How did China get to be a permanent member with veto power in the security council? As far as I know China wasn't a member until the seventies, when they took Taiwans seat. If they achieved this in the seventies, why wasn't other countries protesting decision? And what was the view of the USSR? China and the USSR had a bad relationship in the seventies, had they not?
You have to be pretty careful with the China/Taiwan nomenclature generally, but particularly when talking about the UN. China (as the Republic of China) was a charter member of the UN in 1945, as one of the victorious powers of the Second World War — that's from whence it derives its position as a permanent member of the Security Council.
After the nationalist defeat in the Chinese Civil War in 1949, the Kuomintang government fled to Taiwan and formed a government-in-exile; the Republic of China — as it is still called today — maintains that it is the legitimate government of all of China. Meanwhile, on the mainland, the communists formed the People's Republic of China, and claim sovereignty over Taiwan.

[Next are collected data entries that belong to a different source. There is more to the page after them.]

Lemma relabel_in_grid {n} (v : Fin.t n -> R) x : In (relabel v x) (grid n).
Proof.
  assert (Hr : forall y, In (drank (point_values v) y) (seq 0 (S (4 * n + 4)))).
  { intro y. apply in_seq. pose proof (drank_le_length (point_values v) y).
    rewrite point_values_length in *. lia. }
  unfold grid, relabel.
  apply in_flat_map; eexists; split; [apply Hr|].
  apply in_flat_map; eexists; split; [apply Hr|].
  apply in_map with (f := fun c => _ / (INR c - _)), Hr.
Qed.

Theorem equiv_of_grid {n} (f g : form n) :
  (forall p, In p (grid_points n) -> eval p f = eval p g) -> equiv f g.
Proof.
  intros H v _.
  destruct (relabel_props v) as (Hlt & Hc & H0 & H1).
  destruct (all_functions_complete n (grid n) (fun i => relabel v (v i))) as (p & Hp & Hpi).
  { intro; apply relabel_in_grid. }
  specialize (H p Hp). rewrite !(eval_ext p _ _ Hpi), !(eval_relabel v (relabel v)) in H; auto.
  pose proof (eval_in_point_values v f); pose proof (eval_in_point_values v g).
  destruct (Rtotal_order (eval v f) (eval v g)) as [E|[E|E]]; auto;
    apply Hlt in E; auto; lra.
Qed.

(** * The finite lattice NM_n *)

Lemma equiv_refl {n} (f : form n) : equiv f f.
Proof. intros v _; reflexivity. Qed.

Lemma equiv_sym {n} (f g : form n) : equiv f g -> equiv g f.
Proof. intros H v Hv; symmetry; auto. Qed.

Lemma equiv_trans {n} (f g h : form n) : equiv f g -> equiv g h -> equiv f h.
Proof. intros H1 H2 v Hv; rewrite H1, H2; auto. Qed.

Definition fle {n} (f g : form n) : Prop := forall v, unit_cube v -> eval v f <= eval v g.
Definition flt {n} (f g : form n) : Prop := fle f g /\ ~ equiv f g.

Lemma fle_antisym {n} (f g : form n) : fle f g -> fle g f -> equiv f g.
Proof. intros H1 H2 v Hv. apply Rle_antisym; auto. Qed.

Lemma fle_trans {n} (f g h : form n) : fle f g -> fle g h -> fle f h.
Proof. intros H1 H2 v Hv. eapply Rle_trans; eauto. Qed.

Lemma fle_of_equiv {n} (f g : form n) : equiv f g -> fle f g.
Proof. intros H v Hv; rewrite H; auto; lra. Qed.

Lemma fle_flt_trans {n} (f g h : form n) : fle f g -> flt g h -> flt f h.
Proof.
  intros Hfg [Hgh Ngh]. split; [eapply fle_trans; eauto|].
  intro E. apply Ngh, fle_antisym; auto. eapply fle_trans; [apply fle_of_equiv, equiv_sym, E|auto].
Qed.

Lemma flt_irrefl {n} (f : form n) : ~ flt f f.
Proof. intros [_ N]; apply N, equiv_refl. Qed.

Lemma fle_And {n} (k f g : form n) : fle k (And f g) <-> fle k f /\ fle k g.
Proof.
  unfold fle; split.
  - intros H; split; intros v Hv; specialize (H v Hv); nm_arith.
  - intros [H1 H2] v Hv. specialize (H1 v Hv); specialize (H2 v Hv). nm_arith.
Qed.
Lemma measurable_fun_tnth f i : measurable_fun setT f ->
  measurable_fun setT (fun t => tnth (f t) i).
Proof. exact: measurableT_comp (measurable_tnth i). Qed.

Lemma measurable_dotv f g : measurable_fun setT f -> measurable_fun setT g ->
  measurable_fun setT (fun t => dotv (f t) (g t)).
Proof.
move=> mf mg; apply: measurable_sum => i.
by apply: measurable_funM; exact: measurable_fun_tnth.
Qed.

Lemma measurable_powR_normv f r : measurable_fun setT f ->
  measurable_fun setT (fun t => normv (f t) `^ r).
Proof.
move=> mf; apply: measurableT_comp (measurable_powR r) _.
apply: measurableT_comp (measurable_dotv mf mf).
apply: continuous_measurable_fun; exact: sqrt_continuous.
Qed.

Lemma measurable_subv f g : measurable_fun setT f -> measurable_fun setT g ->
  measurable_fun setT (fun t => subv (f t) (g t)).
Proof.
move=> mf mg; apply/measurable_fun_tnthP => i; rewrite /comp.
under eq_fun do rewrite tnth_subv.
by apply: measurable_funB; exact: measurable_fun_tnth.
Qed.

End measurability.

End euclidean.
(* Let $\varphi=\frac{1+\sqrt5}{2}$ and $\bar\varphi=\frac{1-\sqrt5}{2}$. Consider the two systems of functional equations for a map $f:\mathsf P^1(\mathbb Z)\to\mathsf P^1(\mathbb C)$: (A) $f(1-1/x)=1-1/f(x)$ and $f(-1/x)=-f(x)$ for all $x\in\mathsf P^1(\mathbb Z)$; (B) $f(1-1/x)=1-1/f(x)$ and $f(-1/(1+x))=-1-1/f(x)$ for all $x\in\mathsf P^1(\mathbb Z)$. Each of (A) and (B) has exactly two solutions, namely one with $f(1)=\varphi^2=\frac{3+\sqrt5}{2}$ and one with $f(1)=\bar\varphi^2=\frac{3-\sqrt5}{2}$.
   Context: $\mathsf P^1(\mathbb Z)=\mathbb Q\cup\{\infty\}$, $\mathsf P^1(\mathbb C)=\mathbb C\cup\{\infty\}$, with Möbius transformations extended to $\infty$ in the usual way. Interpretation: with Dyer's outer automorphism $\alpha$ of $\mathsf{PGL}_2(\mathbb Z)$ (defined by $\alpha(U)=U$, $\alpha(K)=K$, $\alpha(V)=UV$ where $U(x)=1/x$, $K(x)=1-x$, $V(x)=-x$), system (A) says $f(gx)=\alpha(g)f(x)$ for all $g\in\mathsf{PSL}_2(\mathbb Z)$, and system (B) says the same for all $g$ in $\Gamma=\langle L,SLS\rangle$, where $L(x)=1-1/x$, $S(x)=-1/x$. *)

(* P^1(Z) = option rat (None = oo), P^1(C) = option R[i]
   with R the Stdlib reals viewed as a realType (hence rcfType). *)
From HB Require Import structures.
From mathcomp Require Import all_boot all_order all_algebra.
From mathcomp Require Import complex.
From mathcomp Require Import Rstruct.
Set Implicit Arguments. Unset Strict Implicit. Unset Printing Implicit Defensive.
Import Order.TTheory GRing.Theory Num.Theory.
Local Open Scope ring_scope.

Definition P1 (F : Type) := option F.

Section P1ops.
Variable F : fieldType.
Definition p1inv (x : P1 F) : P1 F :=
  match x with
  | None => Some 0
  | Some a => if a == 0 then None else Some a^-1
  end.
Definition p1add (c : F) (x : P1 F) : P1 F := omap (fun a => c + a) x.
Definition p1opp (x : P1 F) : P1 F := omap (fun a => - a) x.
End P1ops.

Definition mobL (F : fieldType) (x : P1 F) : P1 F := p1add 1 (p1opp (p1inv x)).
Definition mobS (F : fieldType) (x : P1 F) : P1 F := p1opp (p1inv x).
Definition mobT (F : fieldType) (x : P1 F) : P1 F := p1opp (p1inv (p1add 1 x)).
Definition mobV (F : fieldType) (x : P1 F) : P1 F := p1opp x.
Definition mobW (F : fieldType) (x : P1 F) : P1 F := p1add (-1) (p1opp (p1inv x)).

Definition Cx := (Rdefinitions.R)[i].

Definition systemA (f : P1 rat -> P1 Cx) : Prop :=
  (forall x, f (mobL x) = mobL (f x)) /\ (forall x, f (mobS x) = mobV (f x)).
Definition systemB (f : P1 rat -> P1 Cx) : Prop :=
  (forall x, f (mobL x) = mobL (f x)) /\ (forall x, f (mobT x) = mobW (f x)).

Definition phi2 : Cx := ((3 + Num.sqrt 5) / 2 : Rdefinitions.R)%:C%C.
Definition phibar2 : Cx := ((3 - Num.sqrt 5) / 2 : Rdefinitions.R)%:C%C.

(* Dyer's automorphism sends the translation x |-> x + 1 = L(S x) to
   tau(x) = 1 + 1/x = L(-x), whose fixed points are the roots phi, phibar of
   a^2 = a + 1.  Existence: for a fixed point c, expanding x in a continued
   fraction, f(x + 1) = tau f(x), f(-1/x) = -f(x), f(oo) = c defines f; the
   relation (S T)^3 = 1 makes these two rules compatible, so f solves (A),
   hence (B).  Uniqueness: a solution of (B) satisfies f(x + 2) = tau^2 f(x),
   so f(oo) is a fixed point of tau^2, i.e. phi or phibar, and
   f(1) = L f(oo) = 2 - f(oo); moreover f(oo) determines f by induction on
   denominators, since shifts by 2 bring x into [-1, 1), where x = L z or
   x = T z with a smaller denominator. *)

From Stdlib Require Import FunctionalExtensionality.
From HB Require Import structures.
From mathcomp Require Import all_boot all_order all_algebra.
From mathcomp Require Import complex Rstruct.
From mathcomp Require Import ring lra zify.
Set Implicit Arguments. Unset Strict Implicit. Unset Printing Implicit Defensive.
Import Order.TTheory GRing.Theory Num.Theory.
Local Open Scope ring_scope.

Section ProjectiveLine.
Variable F : fieldType.
Implicit Types (a : F) (x y : P1 F).

Lemma p1oppK : involutive (@p1opp F).
Proof. by case=> //= a; rewrite opprK. Qed.

Lemma p1invK : involutive (@p1inv F).
Proof.
case=> [a|] /=; last by rewrite eqxx.
by have [->|a0] := eqVneq a 0; rewrite /= ?eqxx // invr_eq0 (negPf a0) invrK.
Qed.

Lemma p1invN x : p1inv (p1opp x) = p1opp (p1inv x).
Proof.
case: x => [a|] /=; last by rewrite oppr0.
by rewrite oppr_eq0; case: eqP => //= _; rewrite invrN.
Qed.

Lemma p1oppD a x : p1opp (p1add a x) = p1add (- a) (p1opp x).
Proof. by case: x => //= b; rewrite opprD. Qed.

Lemma p1addA a b x : p1add a (p1add b x) = p1add (a + b) x.
Proof. by case: x => //= c; rewrite addrA. Qed.

Lemma p1add0 x : p1add 0 x = x.
Proof. by case: x => //= a; rewrite add0r. Qed.

(* x / (x + 1) = 1 - 1 / (x + 1): the one genuinely projective identity,
   from which the relation (S T)^3 = 1 of PSL_2(Z) follows. *)
Lemma p1inv_add1_inv x : p1inv (p1add 1 (p1inv x)) = p1add 1 (p1opp (p1inv (p1add 1 x))).
Proof.
case: x => [a|] /=; last by rewrite addr0 oner_eq0 /= invr1 oppr0 addr0.
have [->|a0] := eqVneq a 0; first by rewrite /= addr0 oner_eq0 /= invr1 subrr.
have [a1|a1] := eqVneq (1 + a) 0.
  have -> : a = -1 by apply/eqP; rewrite -addr_eq0 addrC a1.
  by rewrite /= invrN1 subrr eqxx.
rewrite /=; have -> : 1 + a^-1 = (1 + a) / a by field.
rewrite mulf_eq0 invr_eq0 (negPf a0) (negPf a1) /=; congr Some; field.
by rewrite a0 a1.
Qed.

(* tau(x) = 1 + 1/x is the image alpha(x + 1) of the translation. *)
Definition tau x : P1 F := p1add 1 (p1inv x).
Definition tau_inv x : P1 F := p1inv (p1add (-1) x).

Lemma tauK : cancel tau tau_inv.
Proof. by move=> x; rewrite /tau /tau_inv p1addA addNr p1add0 p1invK. Qed.

Lemma tau_invK : cancel tau_inv tau.
Proof. by move=> x; rewrite /tau /tau_inv p1invK p1addA subrr p1add0. Qed.
Lemma collapse_subspace U : XA U -> subspace_top X (Some @^-1` U).
Proof.
move=> /collapse_topP [V [oV VU]]; exists V; split=> //.
have VU' (x : pts X) : V (sval x) <-> U (Some x).
  rewrite -(to_pointed_val x); apply: VU.
  by have [] := (memX _).1 (proj2_sig x).
by apply/seteqP; split=> x /VU'.
Qed.

Lemma collapse_is_topology : is_topology XA.
Proof.
split.
- by apply/collapse_topP; exists setT; split=> //; exact: openT.
- move=> U1 U2 /collapse_topP [V1 [oV1 VU1]] /collapse_topP [V2 [oV2 VU2]].
  apply/collapse_topP; exists (V1 `&` V2); split; first exact: openI.
  by move=> y nBy; rewrite /= VU1 // VU2.
- move=> G GA; apply/collapse_topP.
  exists (\bigcup_(V in [set V | open V /\ exists2 U, G U &
     forall y, ~ B y -> (V y <-> U (q y))]) V).
  split; first by apply: bigcup_open => V [].
  move=> y nBy; split=> [[V [_ [U GU VU]] Vy]|[U GU Uy]].
    by exists U => //; apply/VU.
  have /collapse_topP [V [oV VU]] := GA U GU.
  by exists V; [split=> //; exists U|apply/VU].
Qed.

Let Xpt_notA (x : pts X) : ~ A (sval x).
Proof. by have [] := (memX _).1 (proj2_sig x). Qed.

Lemma collapse_hausdorff : hausdorff_top XA.
Proof.
have sepNone x : exists U V,
    [/\ XA U, XA V, U (Some x), V None & U `&` V = set0].
  have [U [V [oU oV Ux AV UV]]] := separate_point_compact open_is_topology
    (hausdorff_open hT) (closed_compact_in_open _ cT clA) (Xpt_notA x).
  exists (some_set X U), (base_set X V); split=> //.
  - exact: collapse_some_set.
  - exact: collapse_base_set.
  - exact: some_set_disjoint.
move=> [a|] [b|] ab; last by [].
- have ab' : sval a <> sval b by move=> /pts_inj eab; apply: ab; rewrite eab.
  have [U [V [oU oV Ua Vb UV]]] := hausdorff_open hT _ _ ab'.
  exists (some_set X U), (some_set X V).
  split=> //; try exact: collapse_some_set.
  have /disjoints_subset UV' := some_set_disjoint (X := X) UV.
  by apply/disjoints_subset => p /UV' nVp /some_set_base_set.
- exact: sepNone.
- have [U [V [tU tV Ub VN UV]]] := sepNone b.
  by exists V, U; split=> //; rewrite setIC.
Qed.

Lemma collapse_compact_image Z : compact_in (@open T) Z -> Z `&` B = set0 ->
  compact_in XA (q @` Z).
Proof.
move=> cZ /disjoints_subset ZB; apply: compact_in_image cZ _.
move=> U /collapse_topP [V [oV VU]].
by exists V; split=> // y /ZB; apply: VU.
Qed.

Lemma collapse_cg : compactly_generated XA.
Proof.
apply: locally_compact_cg; first exact: collapse_is_topology.
have cC (V : set T) : open V -> compact_in (@open T) (~` V).
  by move=> oV; apply: closed_compact_in_open => //; exact: open_closedC.
move=> [x|].
- have nXx : ~ (~` X) (sval x) by move=> /(_ (proj2_sig x)).
  have [U [V [oU oV Ux XV /disjoints_subset UV]]] := separate_point_compact
    open_is_topology (hausdorff_open hT) (cC _ openX) nXx.
  exists (some_set X U), (q @` ~` V).
  split=> //; first exact: collapse_some_set.
    by move=> [z|] //= Uz; exists (sval z); [exact: UV|exact: to_pointed_val].
  apply: collapse_compact_image; first exact: cC.
  apply/disjoints_subset => y nVy By; apply: nVy; apply: XV.
  by apply/memX => -[].
- have [U [V [oU oV AU BV /disjoints_subset UV]]] := separate_compacts
    open_is_topology (hausdorff_open hT) (closed_compact_in_open _ cT clA)
    (closed_compact_in_open _ cT clB) AB.
  exists (base_set X U), ((q @` ~` V) `|` [set None]); split=> //.
  + exact: collapse_base_set.
  + move=> [z|] /= Uz; [left|by right].
    by exists (sval z); [exact: UV|exact: to_pointed_val].
  + apply: compact_inU; last exact: compact_in_set1.
    apply: collapse_compact_image; first exact: cC.
    by apply/disjoints_subset => y nVy /BV.
Qed.

Lemma collapse_pointed_ext : pointed_ext X XA.
Proof.
split.
- exact: collapse_is_topology.
- exact: collapse_hausdorff.
- exact: collapse_cg.
- move=> W; split=> [[V [oV ->]]|[U [XAU ->]]]; last exact: collapse_subspace.
  exists (some_set X V); split; first exact: collapse_some_set.
  by apply/seteqP; split.
Qed.

End Collapse.

Definition diag_top {C : Type} (tau tau' : set (set C)) : set (set C) :=
  [set S | exists W, prod_top tau tau' W /\ S = [set p | W (p, p)]].

Section Diagonal.
Context {C : Type} (tau tau' : set (set C)).

Lemma fiber_prod_topE : fiber_prod_top tau tau' = kify (diag_top tau tau').
Proof. by []. Qed.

Over the course of the subsequent decades, the PRC repeatedly attempted, by way of an annual motion brought before the General Assembly, to have the ROC expelled from the UN and the PRC seated in its place. The US, ROC and their allies managed to block these efforts until 1971, when the PRC (supported by a coalition of communist, Non-Aligned and some European states) succeeded in passing Resolution 2578.
Quite simply, the ROC found themselves politically outmaneuvered: the vote came at a time when Richard Nixon was attempting to normalise US relations with the PRC (the resolution passed less than four months before his historic visit to China), and a US veto would have scuttled that process.